> [Excerpted records]
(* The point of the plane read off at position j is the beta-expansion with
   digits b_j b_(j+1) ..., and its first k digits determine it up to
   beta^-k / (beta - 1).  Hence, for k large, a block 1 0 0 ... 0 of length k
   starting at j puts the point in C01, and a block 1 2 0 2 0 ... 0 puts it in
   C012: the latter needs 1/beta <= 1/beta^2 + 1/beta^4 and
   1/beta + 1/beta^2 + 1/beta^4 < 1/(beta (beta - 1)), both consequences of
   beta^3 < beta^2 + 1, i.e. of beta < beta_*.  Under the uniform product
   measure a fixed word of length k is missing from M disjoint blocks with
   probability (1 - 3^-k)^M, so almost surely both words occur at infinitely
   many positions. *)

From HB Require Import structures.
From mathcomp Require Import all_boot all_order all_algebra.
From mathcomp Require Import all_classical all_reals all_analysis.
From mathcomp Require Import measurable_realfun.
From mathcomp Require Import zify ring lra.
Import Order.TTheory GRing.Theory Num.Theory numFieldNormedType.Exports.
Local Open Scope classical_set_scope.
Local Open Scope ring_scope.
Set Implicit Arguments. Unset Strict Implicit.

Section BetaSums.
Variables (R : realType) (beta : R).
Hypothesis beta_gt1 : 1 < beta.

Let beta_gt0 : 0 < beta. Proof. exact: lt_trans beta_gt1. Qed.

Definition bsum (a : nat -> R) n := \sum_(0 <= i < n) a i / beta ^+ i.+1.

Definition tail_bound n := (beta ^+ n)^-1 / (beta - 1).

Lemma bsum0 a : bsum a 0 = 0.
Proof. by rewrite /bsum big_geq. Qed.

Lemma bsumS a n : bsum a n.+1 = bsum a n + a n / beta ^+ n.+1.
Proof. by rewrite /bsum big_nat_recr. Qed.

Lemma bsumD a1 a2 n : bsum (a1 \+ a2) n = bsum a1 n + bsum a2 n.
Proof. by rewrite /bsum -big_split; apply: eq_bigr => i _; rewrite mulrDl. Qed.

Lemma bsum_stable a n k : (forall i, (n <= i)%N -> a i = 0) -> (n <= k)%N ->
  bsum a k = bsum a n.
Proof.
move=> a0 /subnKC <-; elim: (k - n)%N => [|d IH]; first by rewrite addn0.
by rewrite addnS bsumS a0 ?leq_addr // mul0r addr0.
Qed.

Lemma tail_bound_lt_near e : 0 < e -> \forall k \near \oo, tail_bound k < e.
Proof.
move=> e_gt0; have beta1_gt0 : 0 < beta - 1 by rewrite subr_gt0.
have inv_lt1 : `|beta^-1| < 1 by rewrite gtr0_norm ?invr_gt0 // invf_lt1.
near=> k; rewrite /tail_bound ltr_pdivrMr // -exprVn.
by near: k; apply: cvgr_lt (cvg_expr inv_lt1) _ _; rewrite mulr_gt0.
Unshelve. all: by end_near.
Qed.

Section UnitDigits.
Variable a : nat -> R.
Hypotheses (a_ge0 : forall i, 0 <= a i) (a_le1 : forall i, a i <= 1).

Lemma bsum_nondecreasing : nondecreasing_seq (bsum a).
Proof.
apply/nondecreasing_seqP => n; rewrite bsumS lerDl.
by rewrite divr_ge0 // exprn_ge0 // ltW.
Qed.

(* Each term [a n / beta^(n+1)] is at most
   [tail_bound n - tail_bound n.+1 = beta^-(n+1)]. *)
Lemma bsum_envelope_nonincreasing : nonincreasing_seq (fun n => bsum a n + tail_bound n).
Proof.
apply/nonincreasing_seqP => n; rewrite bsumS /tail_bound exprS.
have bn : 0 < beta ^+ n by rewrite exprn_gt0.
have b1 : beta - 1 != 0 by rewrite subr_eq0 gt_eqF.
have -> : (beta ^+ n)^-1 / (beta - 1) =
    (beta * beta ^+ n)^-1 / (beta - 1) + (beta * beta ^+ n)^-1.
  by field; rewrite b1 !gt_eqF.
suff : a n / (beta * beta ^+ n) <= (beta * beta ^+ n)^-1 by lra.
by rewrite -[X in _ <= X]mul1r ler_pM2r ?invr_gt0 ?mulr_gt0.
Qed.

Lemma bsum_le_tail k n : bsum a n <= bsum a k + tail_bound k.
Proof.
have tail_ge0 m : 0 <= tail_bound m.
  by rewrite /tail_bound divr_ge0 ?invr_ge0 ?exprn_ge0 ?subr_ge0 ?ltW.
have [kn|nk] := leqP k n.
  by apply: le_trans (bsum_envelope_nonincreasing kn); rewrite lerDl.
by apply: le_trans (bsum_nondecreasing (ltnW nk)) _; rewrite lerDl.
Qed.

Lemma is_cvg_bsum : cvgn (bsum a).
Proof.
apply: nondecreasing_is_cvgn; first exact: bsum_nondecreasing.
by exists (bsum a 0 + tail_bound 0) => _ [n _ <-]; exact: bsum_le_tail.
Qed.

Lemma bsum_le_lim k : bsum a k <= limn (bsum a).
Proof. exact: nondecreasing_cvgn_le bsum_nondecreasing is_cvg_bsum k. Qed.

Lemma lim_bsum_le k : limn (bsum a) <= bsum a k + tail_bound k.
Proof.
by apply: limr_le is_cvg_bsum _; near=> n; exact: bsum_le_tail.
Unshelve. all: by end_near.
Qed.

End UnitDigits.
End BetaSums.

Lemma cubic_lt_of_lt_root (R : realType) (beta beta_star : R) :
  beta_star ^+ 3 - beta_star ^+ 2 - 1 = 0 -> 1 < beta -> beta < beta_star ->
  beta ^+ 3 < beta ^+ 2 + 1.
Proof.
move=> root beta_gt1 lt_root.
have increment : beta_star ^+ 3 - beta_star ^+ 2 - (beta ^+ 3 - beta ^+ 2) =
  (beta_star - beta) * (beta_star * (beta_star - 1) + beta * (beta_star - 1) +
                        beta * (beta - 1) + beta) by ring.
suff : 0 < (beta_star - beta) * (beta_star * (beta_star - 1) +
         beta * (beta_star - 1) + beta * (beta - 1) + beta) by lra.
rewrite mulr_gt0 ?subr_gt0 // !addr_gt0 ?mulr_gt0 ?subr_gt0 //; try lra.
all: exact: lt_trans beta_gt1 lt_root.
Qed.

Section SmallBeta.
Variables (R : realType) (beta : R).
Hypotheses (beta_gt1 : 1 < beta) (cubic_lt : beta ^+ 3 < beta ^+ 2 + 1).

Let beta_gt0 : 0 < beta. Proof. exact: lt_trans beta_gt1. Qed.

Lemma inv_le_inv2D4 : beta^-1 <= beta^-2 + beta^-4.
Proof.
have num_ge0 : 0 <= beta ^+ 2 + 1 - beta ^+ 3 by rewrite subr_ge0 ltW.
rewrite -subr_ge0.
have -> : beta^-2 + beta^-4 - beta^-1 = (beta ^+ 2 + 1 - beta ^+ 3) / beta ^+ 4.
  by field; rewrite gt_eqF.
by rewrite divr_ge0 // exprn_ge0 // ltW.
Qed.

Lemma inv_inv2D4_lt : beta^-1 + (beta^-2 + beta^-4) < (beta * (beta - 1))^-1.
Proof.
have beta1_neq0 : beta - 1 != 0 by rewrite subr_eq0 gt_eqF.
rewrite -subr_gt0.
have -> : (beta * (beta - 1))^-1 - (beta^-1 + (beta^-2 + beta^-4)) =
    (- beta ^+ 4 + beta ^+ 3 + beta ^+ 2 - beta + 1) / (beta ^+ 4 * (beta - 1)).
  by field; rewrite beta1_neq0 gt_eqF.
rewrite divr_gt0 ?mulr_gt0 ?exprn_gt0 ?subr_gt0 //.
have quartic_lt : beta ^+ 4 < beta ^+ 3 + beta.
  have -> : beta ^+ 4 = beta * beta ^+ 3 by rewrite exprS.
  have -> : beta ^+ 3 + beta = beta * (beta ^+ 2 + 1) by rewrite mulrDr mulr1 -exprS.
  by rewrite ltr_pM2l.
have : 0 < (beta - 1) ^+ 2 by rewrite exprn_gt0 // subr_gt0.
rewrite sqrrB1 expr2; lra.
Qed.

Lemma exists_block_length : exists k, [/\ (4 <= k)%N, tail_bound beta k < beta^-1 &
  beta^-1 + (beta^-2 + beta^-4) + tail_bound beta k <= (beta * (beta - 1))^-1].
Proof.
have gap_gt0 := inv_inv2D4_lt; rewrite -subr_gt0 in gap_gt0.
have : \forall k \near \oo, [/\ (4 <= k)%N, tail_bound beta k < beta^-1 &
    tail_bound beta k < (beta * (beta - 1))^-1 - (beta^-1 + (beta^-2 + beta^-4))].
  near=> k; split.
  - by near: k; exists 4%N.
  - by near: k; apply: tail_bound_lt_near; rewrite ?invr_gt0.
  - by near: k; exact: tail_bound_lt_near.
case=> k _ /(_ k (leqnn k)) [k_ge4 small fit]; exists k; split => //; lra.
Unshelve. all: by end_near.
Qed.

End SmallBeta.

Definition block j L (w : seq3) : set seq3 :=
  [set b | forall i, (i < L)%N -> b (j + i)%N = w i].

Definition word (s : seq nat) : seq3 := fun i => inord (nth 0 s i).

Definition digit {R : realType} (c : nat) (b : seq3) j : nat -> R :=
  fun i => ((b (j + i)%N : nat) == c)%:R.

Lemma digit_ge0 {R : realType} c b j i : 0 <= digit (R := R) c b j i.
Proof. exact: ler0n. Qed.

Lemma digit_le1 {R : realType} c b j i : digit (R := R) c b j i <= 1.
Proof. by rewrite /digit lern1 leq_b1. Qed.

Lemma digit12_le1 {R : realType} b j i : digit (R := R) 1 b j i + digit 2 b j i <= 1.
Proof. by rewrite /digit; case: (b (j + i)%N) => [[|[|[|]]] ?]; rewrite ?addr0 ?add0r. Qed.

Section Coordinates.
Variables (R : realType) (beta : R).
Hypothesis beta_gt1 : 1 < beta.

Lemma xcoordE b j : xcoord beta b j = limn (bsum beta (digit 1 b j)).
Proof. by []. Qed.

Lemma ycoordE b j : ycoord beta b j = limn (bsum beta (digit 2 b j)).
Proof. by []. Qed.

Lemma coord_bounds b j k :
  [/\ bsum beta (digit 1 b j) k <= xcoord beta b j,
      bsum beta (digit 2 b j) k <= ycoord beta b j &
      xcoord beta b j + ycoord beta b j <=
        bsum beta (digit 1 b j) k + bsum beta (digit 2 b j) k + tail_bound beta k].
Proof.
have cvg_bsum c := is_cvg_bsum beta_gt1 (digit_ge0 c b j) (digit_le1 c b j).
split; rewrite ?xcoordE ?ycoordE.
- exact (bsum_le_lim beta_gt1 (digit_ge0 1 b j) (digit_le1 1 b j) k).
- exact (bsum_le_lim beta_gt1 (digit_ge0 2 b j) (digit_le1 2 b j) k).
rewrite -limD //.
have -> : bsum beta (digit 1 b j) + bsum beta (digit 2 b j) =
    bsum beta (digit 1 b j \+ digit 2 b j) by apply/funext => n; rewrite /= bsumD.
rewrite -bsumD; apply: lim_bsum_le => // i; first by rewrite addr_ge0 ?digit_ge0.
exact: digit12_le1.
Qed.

--

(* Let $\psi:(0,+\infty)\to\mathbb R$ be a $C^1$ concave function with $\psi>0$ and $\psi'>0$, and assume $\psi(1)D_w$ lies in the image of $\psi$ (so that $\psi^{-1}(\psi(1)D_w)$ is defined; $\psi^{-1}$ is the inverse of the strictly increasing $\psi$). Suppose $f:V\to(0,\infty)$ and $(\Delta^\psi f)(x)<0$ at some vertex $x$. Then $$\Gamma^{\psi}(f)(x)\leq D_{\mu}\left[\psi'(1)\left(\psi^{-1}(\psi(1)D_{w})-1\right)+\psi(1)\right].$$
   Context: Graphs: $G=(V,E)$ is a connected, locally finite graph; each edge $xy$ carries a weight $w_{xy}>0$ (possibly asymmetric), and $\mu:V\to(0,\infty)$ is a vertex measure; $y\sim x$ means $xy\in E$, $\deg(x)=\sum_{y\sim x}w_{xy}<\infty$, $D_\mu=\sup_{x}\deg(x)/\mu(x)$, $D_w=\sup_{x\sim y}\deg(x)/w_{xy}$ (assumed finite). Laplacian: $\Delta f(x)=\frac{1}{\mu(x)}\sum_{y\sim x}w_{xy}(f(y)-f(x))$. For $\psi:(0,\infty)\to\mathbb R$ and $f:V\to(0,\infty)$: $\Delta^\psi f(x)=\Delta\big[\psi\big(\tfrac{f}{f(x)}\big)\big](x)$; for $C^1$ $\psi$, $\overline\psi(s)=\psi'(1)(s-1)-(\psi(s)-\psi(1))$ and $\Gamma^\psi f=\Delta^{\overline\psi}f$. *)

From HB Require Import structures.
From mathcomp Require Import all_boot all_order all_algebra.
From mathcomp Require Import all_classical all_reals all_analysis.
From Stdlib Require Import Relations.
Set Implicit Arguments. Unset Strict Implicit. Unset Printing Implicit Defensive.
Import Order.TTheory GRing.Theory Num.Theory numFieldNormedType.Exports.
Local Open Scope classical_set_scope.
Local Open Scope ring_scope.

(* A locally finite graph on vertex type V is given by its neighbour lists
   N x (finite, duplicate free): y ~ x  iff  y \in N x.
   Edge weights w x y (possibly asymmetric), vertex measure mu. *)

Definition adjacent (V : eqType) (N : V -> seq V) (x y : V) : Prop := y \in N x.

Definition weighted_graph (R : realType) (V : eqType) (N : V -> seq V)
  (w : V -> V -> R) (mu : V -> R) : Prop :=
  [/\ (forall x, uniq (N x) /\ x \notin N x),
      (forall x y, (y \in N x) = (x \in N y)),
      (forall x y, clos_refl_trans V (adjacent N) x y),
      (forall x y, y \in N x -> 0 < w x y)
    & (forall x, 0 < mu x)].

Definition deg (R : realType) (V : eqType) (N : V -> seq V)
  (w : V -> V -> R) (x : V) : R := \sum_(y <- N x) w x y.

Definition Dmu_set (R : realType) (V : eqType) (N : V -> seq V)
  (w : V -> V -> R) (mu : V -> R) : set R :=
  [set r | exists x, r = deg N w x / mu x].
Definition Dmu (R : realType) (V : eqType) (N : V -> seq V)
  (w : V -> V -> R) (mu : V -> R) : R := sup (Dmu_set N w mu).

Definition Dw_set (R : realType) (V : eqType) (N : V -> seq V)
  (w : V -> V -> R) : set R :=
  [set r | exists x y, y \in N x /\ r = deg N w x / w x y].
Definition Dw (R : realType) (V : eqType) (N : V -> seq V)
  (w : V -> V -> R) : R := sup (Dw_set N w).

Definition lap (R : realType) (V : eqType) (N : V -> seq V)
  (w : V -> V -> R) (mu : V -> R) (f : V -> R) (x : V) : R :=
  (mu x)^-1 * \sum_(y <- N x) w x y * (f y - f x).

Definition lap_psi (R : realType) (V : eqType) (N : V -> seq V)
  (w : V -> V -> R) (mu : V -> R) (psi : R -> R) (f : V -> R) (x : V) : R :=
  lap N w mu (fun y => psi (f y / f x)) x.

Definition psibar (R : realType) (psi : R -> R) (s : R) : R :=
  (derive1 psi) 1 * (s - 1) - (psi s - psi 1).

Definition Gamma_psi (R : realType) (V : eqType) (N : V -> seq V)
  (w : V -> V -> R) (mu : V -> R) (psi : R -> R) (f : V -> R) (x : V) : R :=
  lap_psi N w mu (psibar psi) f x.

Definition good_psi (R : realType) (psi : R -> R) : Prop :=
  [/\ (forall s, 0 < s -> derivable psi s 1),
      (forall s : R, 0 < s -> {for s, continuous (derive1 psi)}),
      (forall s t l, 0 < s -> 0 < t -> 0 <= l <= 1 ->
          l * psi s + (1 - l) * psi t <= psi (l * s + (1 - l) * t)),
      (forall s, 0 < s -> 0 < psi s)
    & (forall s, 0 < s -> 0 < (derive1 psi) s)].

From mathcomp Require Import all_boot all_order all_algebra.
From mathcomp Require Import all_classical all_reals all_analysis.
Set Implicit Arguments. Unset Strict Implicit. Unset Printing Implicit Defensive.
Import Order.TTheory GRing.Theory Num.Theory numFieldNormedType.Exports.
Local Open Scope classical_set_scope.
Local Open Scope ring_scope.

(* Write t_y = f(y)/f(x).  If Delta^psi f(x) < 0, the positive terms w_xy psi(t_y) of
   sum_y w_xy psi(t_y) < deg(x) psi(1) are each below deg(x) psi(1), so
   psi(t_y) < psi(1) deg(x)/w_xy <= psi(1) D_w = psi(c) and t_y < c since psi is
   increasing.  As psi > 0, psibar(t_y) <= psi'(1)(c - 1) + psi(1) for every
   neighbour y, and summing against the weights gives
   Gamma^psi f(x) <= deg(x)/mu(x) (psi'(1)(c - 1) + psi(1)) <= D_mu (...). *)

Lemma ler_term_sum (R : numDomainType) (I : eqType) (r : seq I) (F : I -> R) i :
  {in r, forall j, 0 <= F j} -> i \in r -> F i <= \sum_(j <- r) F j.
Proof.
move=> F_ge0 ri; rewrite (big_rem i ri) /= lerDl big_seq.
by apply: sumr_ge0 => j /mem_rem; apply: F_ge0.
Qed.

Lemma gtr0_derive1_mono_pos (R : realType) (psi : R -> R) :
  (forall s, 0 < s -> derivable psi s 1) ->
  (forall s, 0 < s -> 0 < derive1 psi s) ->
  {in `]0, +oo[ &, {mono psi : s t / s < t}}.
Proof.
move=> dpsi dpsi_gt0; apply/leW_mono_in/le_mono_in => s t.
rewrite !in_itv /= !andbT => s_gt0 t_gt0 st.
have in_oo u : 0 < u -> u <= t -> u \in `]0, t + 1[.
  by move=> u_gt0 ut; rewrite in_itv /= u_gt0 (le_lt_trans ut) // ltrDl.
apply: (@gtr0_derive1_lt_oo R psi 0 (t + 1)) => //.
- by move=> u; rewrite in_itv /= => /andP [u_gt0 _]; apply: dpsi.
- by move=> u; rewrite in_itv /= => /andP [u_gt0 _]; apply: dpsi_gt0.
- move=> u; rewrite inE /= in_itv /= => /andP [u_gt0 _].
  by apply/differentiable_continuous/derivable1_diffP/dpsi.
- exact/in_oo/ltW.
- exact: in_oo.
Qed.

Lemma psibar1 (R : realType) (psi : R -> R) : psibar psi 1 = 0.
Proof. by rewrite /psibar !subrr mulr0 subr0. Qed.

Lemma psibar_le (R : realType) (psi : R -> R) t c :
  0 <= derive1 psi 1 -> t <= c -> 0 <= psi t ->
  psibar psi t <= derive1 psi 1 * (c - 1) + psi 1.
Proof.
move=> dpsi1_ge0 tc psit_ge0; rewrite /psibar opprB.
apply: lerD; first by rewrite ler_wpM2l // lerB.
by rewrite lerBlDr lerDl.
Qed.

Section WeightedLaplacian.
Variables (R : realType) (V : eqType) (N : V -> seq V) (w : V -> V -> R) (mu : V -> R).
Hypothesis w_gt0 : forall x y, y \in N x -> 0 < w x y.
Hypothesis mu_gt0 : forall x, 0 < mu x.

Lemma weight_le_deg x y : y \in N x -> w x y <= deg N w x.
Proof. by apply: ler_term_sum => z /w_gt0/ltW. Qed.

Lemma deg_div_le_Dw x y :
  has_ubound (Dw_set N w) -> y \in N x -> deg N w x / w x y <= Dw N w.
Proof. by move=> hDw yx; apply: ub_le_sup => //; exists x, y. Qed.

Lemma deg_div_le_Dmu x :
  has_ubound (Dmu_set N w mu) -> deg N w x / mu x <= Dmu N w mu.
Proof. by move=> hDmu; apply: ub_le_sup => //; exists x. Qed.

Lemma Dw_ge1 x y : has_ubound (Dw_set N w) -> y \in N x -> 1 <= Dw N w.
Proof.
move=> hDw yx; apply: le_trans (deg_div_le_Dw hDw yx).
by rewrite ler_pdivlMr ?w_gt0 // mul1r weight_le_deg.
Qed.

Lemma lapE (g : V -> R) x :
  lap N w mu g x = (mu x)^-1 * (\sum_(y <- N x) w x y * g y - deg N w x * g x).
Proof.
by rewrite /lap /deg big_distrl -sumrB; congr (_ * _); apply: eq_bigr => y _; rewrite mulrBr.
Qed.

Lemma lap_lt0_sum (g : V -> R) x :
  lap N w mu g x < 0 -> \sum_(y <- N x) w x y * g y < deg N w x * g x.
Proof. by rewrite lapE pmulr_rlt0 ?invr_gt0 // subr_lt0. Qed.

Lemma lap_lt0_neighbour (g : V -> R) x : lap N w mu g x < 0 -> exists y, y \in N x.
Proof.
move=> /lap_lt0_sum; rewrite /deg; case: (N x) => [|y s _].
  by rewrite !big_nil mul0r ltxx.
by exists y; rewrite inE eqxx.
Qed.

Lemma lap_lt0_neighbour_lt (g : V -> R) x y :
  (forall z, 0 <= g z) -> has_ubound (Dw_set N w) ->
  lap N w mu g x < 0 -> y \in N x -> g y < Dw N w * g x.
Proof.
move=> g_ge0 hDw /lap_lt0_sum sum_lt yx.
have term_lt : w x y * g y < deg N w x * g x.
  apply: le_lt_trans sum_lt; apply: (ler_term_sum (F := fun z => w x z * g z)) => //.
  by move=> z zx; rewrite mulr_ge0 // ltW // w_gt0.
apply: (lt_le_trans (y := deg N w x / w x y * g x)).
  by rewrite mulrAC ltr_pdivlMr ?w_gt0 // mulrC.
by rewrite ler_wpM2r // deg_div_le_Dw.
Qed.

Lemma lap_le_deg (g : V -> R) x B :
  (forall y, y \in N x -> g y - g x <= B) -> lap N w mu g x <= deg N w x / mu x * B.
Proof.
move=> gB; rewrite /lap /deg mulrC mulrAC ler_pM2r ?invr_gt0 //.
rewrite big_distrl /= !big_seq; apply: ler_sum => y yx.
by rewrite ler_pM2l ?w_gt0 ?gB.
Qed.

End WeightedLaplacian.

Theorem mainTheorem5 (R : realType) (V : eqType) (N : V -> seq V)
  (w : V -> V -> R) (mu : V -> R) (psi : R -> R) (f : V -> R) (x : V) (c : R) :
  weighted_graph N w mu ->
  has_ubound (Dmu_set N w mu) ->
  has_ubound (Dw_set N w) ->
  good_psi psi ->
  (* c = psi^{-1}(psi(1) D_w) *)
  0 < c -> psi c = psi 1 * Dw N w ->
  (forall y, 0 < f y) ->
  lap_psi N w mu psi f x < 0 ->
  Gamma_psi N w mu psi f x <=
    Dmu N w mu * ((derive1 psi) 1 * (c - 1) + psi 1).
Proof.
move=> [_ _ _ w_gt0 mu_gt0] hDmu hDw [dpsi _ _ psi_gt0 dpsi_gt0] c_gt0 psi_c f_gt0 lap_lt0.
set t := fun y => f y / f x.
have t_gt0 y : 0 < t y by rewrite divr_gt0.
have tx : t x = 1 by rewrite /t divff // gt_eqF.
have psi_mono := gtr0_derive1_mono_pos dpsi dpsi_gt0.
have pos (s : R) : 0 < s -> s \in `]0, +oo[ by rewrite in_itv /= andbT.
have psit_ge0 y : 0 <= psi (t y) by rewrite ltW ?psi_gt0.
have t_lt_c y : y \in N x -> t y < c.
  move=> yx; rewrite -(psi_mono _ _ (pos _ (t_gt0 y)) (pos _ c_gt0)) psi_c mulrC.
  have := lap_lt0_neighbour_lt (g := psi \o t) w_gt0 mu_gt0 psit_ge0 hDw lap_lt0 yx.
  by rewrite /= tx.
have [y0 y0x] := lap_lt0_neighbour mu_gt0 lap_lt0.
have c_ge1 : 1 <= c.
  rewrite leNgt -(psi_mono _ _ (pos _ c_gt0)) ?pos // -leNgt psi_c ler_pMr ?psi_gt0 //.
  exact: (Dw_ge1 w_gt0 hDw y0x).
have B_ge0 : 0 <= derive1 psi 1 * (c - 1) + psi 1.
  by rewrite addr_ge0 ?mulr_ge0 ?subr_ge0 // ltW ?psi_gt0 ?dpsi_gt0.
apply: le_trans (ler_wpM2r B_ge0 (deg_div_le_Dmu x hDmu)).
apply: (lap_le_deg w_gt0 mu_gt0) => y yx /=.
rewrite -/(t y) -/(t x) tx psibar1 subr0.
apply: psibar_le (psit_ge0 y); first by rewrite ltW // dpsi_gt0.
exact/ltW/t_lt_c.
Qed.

...

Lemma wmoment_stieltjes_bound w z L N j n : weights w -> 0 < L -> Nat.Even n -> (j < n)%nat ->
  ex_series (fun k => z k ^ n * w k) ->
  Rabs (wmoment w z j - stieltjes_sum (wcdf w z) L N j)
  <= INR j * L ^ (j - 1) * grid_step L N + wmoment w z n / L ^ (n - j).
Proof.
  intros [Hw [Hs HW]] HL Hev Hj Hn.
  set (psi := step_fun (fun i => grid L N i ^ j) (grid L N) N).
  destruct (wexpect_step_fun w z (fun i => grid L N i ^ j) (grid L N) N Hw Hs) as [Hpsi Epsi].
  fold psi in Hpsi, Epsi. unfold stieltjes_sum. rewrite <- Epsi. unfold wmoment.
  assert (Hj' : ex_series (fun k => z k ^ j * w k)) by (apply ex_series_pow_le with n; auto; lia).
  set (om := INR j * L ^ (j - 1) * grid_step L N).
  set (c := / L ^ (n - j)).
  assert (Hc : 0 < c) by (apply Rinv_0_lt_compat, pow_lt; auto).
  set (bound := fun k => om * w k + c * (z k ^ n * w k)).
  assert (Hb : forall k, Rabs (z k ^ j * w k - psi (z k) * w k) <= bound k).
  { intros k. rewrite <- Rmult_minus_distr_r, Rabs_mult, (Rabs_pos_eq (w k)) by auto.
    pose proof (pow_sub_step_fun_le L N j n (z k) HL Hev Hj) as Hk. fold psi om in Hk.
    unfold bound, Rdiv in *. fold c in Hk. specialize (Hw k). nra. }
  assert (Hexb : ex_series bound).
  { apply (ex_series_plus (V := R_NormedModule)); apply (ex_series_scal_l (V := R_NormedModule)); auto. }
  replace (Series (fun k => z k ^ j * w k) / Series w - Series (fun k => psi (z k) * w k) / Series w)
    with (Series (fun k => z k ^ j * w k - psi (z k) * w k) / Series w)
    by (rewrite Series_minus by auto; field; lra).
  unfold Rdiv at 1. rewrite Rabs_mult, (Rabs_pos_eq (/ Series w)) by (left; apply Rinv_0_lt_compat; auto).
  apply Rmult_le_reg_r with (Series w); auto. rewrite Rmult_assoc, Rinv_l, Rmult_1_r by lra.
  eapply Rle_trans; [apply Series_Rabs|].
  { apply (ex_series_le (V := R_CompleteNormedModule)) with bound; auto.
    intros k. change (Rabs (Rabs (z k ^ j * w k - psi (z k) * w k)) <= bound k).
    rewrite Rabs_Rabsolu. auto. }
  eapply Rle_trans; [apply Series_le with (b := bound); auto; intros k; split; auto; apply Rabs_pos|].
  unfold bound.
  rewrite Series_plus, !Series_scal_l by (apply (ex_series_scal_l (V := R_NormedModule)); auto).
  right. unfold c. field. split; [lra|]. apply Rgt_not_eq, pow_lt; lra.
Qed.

> [Work order] When the line with "(* The point" is reached in the data above, begin copying, and stop after the line with "Proof. by rewrite /bsum -big_split;"; copy each line exactly, both ends included.

> [Reply]
(* The point of the plane read off at position j is the beta-expansion with
   digits b_j b_(j+1) ..., and its first k digits determine it up to
   beta^-k / (beta - 1).  Hence, for k large, a block 1 0 0 ... 0 of length k
   starting at j puts the point in C01, and a block 1 2 0 2 0 ... 0 puts it in
   C012: the latter needs 1/beta <= 1/beta^2 + 1/beta^4 and
   1/beta + 1/beta^2 + 1/beta^4 < 1/(beta (beta - 1)), both consequences of
   beta^3 < beta^2 + 1, i.e. of beta < beta_*.  Under the uniform product
   measure a fixed word of length k is missing from M disjoint blocks with
   probability (1 - 3^-k)^M, so almost surely both words occur at infinitely
   many positions. *)

From HB Require Import structures.
From mathcomp Require Import all_boot all_order all_algebra.
From mathcomp Require Import all_classical all_reals all_analysis.
From mathcomp Require Import measurable_realfun.
From mathcomp Require Import zify ring lra.
Import Order.TTheory GRing.Theory Num.Theory numFieldNormedType.Exports.
Local Open Scope classical_set_scope.
Local Open Scope ring_scope.
Set Implicit Arguments. Unset Strict Implicit.

Section BetaSums.
Variables (R : realType) (beta : R).
Hypothesis beta_gt1 : 1 < beta.

Let beta_gt0 : 0 < beta. Proof. exact: lt_trans beta_gt1. Qed.

Definition bsum (a : nat -> R) n := \sum_(0 <= i < n) a i / beta ^+ i.+1.

Definition tail_bound n := (beta ^+ n)^-1 / (beta - 1).

Lemma bsum0 a : bsum a 0 = 0.
Proof. by rewrite /bsum big_geq. Qed.

Lemma bsumS a n : bsum a n.+1 = bsum a n + a n / beta ^+ n.+1.
Proof. by rewrite /bsum big_nat_recr. Qed.

Lemma bsumD a1 a2 n : bsum (a1 \+ a2) n = bsum a1 n + bsum a2 n.
Proof. by rewrite /bsum -big_split; apply: eq_bigr => i _; rewrite mulrDl. Qed.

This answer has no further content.